Lemma cavp_ker_abs l m (x : 'M[X]_(l, m)) :
  map_mx phi x = 0 -> map_mx phi (AX l m x) = 0.
Proof.
have abs_sq p q (y : 'M[X]_(p, q)) :
    p = q -> map_mx phi y = 0 -> map_mx phi (AX p q y) = 0.
  by move=> epq; subst q => phiy; rewrite phi_abs phiy (amos_abs0 hY).
move=> phix; have := abs_sq _ _ (dsum x (0 : 'M[X]_(m, l))) (addnC l m).
rewrite /dsum map_block_mx phix !map_mx0 block_mx0 (amos_dsum hX) /dsum map_block_mx.
move=> /(_ erefl) /(congr1 ulsubmx); rewrite block_mxKul => ->.
by apply/matrixP=> i j; rewrite !mxE.
Qed.

Lemma cavp_selfadj v : sX v = v -> sY (phi v) = phi v.
Proof.
case/(selfadj_double_Xplus_diff hX) => p [q [Pp Pq vv]].
have phi_fixed w : Xplus PX w -> sY (phi w) = phi w.
  by move=> Pw; apply: (Xplus_selfadj hY); have := cavp_pos Pw; rewrite map_const_mx.
apply: (star_fixed_half sY_star); rewrite -raddfD /= vv raddfB /=.
by apply: star_fixedB => //; apply: phi_fixed.
Qed.

Lemma cavp_ker_star x : phi x = 0 -> phi (sX x) = 0.
Proof.
move=> phix; apply: (star_fixed_iscale_eq0 sY_star).
  by have := cavp_selfadj (star_re_fixed sX_star x); rewrite raddfD /= phix add0r.
have := cavp_selfadj (star_im_fixed sX_star x).
by rewrite linearZ raddfB /= phix sub0r scalerN starN // => /oppr_inj.
Qed.

Lemma cavp_ker_mstar l m (x : 'M[X]_(l, m)) :
  map_mx phi x = 0 -> map_mx phi (mstar sX x) = 0.
Proof.
move=> /matrixP phix; apply/matrixP=> i j; rewrite !mxE; apply: cavp_ker_star.
by have := phix j i; rewrite !mxE.
Qed.

Lemma Kernel_setT_iff_Xplus : Kernel phi = [set: X] <-> Kernel phi `&` Xplus PX = Xplus PX.
Proof.
rewrite setIidPr; split=> [-> // | XK].
by apply/Kernel_eq_setT/funext; apply: (linear_eq0_on_Xplus hX (f := phi)).
Qed.

Lemma cavp_eq0_order_unit e : is_amous sX PX AX e -> phi = (fun=> 0) <-> phi e = 0.
Proof.
move=> [_ arch]; split=> [-> // | phie].
apply/funext; apply: (linear_eq0_on_Xplus hX (f := phi)) => v Pv.
have [k [_ Pke]] := (arch 1%N).1 _ (mos_sa (amos_mos hX) Pv).
have phike : map_mx phi (mscale k%:C%C (diagn e 1)) = 0.
  apply/matrixP=> i j; rewrite !mxE linearZ /=.
  by case: eqP => _; rewrite ?phie ?(raddf0 phi) scaler0.
have /matrixP/(_ ord0 ord0) := cavp_ker_order_ideal Pv Pke phike.
by rewrite !mxE.
Qed.

Lemma Kernel_is_amoi : is_amoi sX PX AX (Kernel phi).
Proof.
split; [split | split].
- exact: raddf0.
- by move=> a x y; rewrite /Kernel /= linearP /= => -> ->; rewrite scaler0 addr0.
- move=> l u v; rewrite !Mset_Kernel => phiv _ Pu Pvu.
  by split; [apply: cavp_ker_order_ideal Pvu phiv | apply: (mos_sa (amos_mos hX) Pu)].
- move=> l m x; rewrite !Mset_Kernel => phix.
  by split; [apply: cavp_ker_abs | apply: (amos_pos hX)].
Qed.

Lemma Kernel_mstar l :
  [set mstar sX x | x in Kernel (@map_mx _ _ phi l l)] = Kernel (@map_mx _ _ phi l l).
Proof.
apply/seteqP; split=> [_ [x phix <-] | x phix]; first exact: cavp_ker_mstar.
exists (mstar sX x); first exact: cavp_ker_mstar.
by apply/matrixP=> i j; rewrite !mxE starK.
Qed.

End CompletelyAbsoluteValuePreserving.

Theorem theorem3p8 (R : realType) (X Y : lmodType R[i])
  (sX : X -> X) (PX : forall m, 'M[X]_m -> Prop) (AX : forall l m, 'M[X]_(l, m) -> 'M[X]_m)
  (sY : Y -> Y) (PY : forall m, 'M[Y]_m -> Prop) (AY : forall l m, 'M[Y]_(l, m) -> 'M[Y]_m)
  (hX : is_amos sX PX AX) (hY : is_amos sY PY AY)
  (phi : X -> Y) (hphi : is_cavp AX AY phi) :
  (* (1) *)
  (forall l m, Mset (Kernel phi) l m = Kernel (@map_mx _ _ phi l m)) /\
  (* (2) *)
  (forall l, [set mstar sX x | x in Kernel (@map_mx _ _ phi l l)]
             = Kernel (@map_mx _ _ phi l l)) /\
  (* (3) *)
  is_amoi sX PX AX (Kernel phi) /\
  (* (4) *)
  ((phi = (fun=> 0)) <-> Kernel phi = [set: X]) /\
  (Kernel phi = [set: X] <-> Kernel phi `&` Xplus PX = Xplus PX) /\
  (* (5) *)
  (forall e : X, is_amous sX PX AX e -> (phi = (fun=> 0) <-> phi e = 0)).
Proof.
case: hphi => phi_linear phi_abs.
split; first exact: Mset_Kernel.
split; first exact: (Kernel_mstar hX hY phi_linear phi_abs).
split; first exact: (Kernel_is_amoi hX hY phi_linear phi_abs).
split; first exact: iff_sym (Kernel_eq_setT phi).
split; first exact: (Kernel_setT_iff_Xplus hX phi_linear).
exact: (cavp_eq0_order_unit hX hY phi_linear phi_abs).
Qed.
══════════
▶ [WHAT TO PRODUCE] Send back, unchanged, every line of the records from the one with "split; first exact: (Kernel_is_amoi" through the last.

▶ [SOLUTION FOR THIS TASK]
split; first exact: (Kernel_is_amoi hX hY phi_linear phi_abs).
split; first exact: iff_sym (Kernel_eq_setT phi).
split; first exact: (Kernel_setT_iff_Xplus hX phi_linear).
exact: (cavp_eq0_order_unit hX hY phi_linear phi_abs).
Qed.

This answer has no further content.